Begin at the line with "unfold exp_partial. simpl." and write out every line after it, exactly, through the last line below, adding nothing.

[Records from a data collection]
---*---
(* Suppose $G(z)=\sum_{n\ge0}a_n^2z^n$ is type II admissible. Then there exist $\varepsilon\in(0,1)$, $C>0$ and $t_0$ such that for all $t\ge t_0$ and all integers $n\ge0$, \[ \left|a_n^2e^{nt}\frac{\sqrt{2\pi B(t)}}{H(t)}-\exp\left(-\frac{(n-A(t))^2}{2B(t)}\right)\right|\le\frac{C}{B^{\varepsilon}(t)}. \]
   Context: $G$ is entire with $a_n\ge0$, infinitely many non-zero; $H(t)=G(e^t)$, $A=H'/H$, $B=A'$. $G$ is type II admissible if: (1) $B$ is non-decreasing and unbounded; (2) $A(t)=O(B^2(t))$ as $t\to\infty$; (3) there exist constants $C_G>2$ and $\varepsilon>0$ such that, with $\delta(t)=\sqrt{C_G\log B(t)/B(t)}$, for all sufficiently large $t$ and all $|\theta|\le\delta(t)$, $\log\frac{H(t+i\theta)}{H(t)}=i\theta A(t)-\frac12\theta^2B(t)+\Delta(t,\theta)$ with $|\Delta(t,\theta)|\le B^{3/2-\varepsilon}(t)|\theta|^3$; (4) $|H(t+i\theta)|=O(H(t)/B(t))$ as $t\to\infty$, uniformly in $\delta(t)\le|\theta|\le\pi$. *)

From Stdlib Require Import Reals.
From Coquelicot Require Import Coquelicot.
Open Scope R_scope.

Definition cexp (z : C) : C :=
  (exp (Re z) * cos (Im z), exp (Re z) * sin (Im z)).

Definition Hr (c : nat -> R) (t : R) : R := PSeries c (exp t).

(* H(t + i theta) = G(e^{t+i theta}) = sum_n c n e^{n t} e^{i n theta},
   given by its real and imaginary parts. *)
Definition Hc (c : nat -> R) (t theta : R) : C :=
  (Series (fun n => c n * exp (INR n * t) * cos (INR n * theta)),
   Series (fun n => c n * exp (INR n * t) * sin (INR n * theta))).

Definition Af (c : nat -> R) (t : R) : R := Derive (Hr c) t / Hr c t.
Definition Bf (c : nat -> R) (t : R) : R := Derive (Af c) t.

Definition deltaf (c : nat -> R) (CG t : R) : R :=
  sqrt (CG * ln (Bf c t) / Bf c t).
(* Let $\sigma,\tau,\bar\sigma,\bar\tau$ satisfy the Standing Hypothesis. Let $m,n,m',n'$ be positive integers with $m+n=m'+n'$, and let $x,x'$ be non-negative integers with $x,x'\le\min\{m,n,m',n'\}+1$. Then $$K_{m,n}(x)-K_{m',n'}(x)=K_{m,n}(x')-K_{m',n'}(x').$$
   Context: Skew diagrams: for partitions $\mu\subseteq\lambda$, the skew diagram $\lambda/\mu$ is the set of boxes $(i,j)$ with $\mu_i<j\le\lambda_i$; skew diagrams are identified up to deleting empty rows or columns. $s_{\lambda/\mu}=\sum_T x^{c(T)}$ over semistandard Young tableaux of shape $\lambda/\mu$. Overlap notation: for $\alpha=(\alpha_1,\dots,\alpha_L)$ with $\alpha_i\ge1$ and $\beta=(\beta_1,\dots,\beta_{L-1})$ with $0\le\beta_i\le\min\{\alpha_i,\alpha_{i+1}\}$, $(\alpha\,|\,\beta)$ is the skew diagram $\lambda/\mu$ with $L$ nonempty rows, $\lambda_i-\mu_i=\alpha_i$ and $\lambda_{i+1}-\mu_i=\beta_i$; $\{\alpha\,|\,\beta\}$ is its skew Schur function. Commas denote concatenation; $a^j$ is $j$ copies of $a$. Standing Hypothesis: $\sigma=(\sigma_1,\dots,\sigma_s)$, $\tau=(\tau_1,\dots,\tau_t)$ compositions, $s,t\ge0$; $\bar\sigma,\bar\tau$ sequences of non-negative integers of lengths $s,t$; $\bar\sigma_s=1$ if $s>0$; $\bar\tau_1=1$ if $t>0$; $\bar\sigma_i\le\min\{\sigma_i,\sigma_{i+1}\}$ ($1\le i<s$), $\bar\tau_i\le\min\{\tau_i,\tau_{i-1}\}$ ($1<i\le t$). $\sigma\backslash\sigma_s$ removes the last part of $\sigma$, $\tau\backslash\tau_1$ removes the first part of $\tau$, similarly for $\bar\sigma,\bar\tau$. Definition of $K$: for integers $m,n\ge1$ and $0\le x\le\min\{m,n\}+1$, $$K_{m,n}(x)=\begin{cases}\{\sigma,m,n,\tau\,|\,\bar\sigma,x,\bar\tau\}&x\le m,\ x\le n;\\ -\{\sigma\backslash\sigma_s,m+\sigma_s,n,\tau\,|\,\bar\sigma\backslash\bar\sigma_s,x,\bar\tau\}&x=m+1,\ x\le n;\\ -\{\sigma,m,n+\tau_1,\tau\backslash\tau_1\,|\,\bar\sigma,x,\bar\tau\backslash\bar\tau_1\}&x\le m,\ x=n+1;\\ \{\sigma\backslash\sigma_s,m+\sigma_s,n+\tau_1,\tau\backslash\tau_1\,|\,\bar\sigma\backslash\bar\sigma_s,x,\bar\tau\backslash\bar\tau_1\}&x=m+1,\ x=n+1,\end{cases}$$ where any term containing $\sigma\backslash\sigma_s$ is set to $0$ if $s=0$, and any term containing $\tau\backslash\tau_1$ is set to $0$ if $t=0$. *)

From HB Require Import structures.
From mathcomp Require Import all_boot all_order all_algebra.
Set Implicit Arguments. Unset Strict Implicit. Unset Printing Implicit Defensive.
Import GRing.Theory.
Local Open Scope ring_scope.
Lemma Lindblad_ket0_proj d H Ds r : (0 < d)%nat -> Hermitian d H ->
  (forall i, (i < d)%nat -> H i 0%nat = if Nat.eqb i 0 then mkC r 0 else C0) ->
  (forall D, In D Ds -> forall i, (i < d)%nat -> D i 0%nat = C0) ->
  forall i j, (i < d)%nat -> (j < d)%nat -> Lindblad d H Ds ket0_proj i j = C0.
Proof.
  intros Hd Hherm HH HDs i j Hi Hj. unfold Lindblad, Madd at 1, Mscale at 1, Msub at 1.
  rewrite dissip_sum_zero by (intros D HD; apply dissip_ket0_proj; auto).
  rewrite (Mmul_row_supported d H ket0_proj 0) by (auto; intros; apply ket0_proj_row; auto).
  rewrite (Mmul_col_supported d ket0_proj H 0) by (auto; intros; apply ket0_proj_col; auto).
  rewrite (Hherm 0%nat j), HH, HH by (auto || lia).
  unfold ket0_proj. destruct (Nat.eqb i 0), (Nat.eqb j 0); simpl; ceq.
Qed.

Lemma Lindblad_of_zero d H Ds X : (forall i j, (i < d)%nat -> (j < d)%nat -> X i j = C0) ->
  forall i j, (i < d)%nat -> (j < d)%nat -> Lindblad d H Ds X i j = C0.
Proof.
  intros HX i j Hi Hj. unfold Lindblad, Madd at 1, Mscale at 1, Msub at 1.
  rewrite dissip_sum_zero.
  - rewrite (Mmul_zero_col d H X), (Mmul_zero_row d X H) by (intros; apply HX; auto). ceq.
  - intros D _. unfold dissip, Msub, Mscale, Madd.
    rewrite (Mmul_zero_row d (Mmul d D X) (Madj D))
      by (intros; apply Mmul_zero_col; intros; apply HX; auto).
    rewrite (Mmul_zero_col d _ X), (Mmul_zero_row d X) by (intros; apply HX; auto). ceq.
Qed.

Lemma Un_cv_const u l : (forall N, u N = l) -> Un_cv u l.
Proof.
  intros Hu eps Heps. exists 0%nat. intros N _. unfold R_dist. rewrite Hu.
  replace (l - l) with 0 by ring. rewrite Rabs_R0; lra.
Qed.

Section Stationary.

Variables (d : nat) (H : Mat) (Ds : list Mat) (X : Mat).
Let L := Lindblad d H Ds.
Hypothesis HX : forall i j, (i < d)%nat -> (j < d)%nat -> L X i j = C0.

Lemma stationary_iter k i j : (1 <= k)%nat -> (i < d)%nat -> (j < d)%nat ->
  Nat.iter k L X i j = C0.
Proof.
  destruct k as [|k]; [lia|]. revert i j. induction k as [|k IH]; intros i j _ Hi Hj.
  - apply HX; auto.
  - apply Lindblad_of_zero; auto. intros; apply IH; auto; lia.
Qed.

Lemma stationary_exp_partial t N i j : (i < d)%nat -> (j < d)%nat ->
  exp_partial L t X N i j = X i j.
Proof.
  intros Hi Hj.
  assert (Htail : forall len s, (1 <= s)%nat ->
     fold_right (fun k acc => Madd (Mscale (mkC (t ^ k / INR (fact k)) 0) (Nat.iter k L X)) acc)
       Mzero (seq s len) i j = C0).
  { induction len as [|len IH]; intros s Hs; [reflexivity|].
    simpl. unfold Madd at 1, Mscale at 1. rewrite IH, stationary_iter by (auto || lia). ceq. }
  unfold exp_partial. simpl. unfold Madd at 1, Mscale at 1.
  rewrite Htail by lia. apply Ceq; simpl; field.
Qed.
---*---
Solution for this exercise>
  unfold exp_partial. simpl. unfold Madd at 1, Mscale at 1.
  rewrite Htail by lia. apply Ceq; simpl; field.
Qed.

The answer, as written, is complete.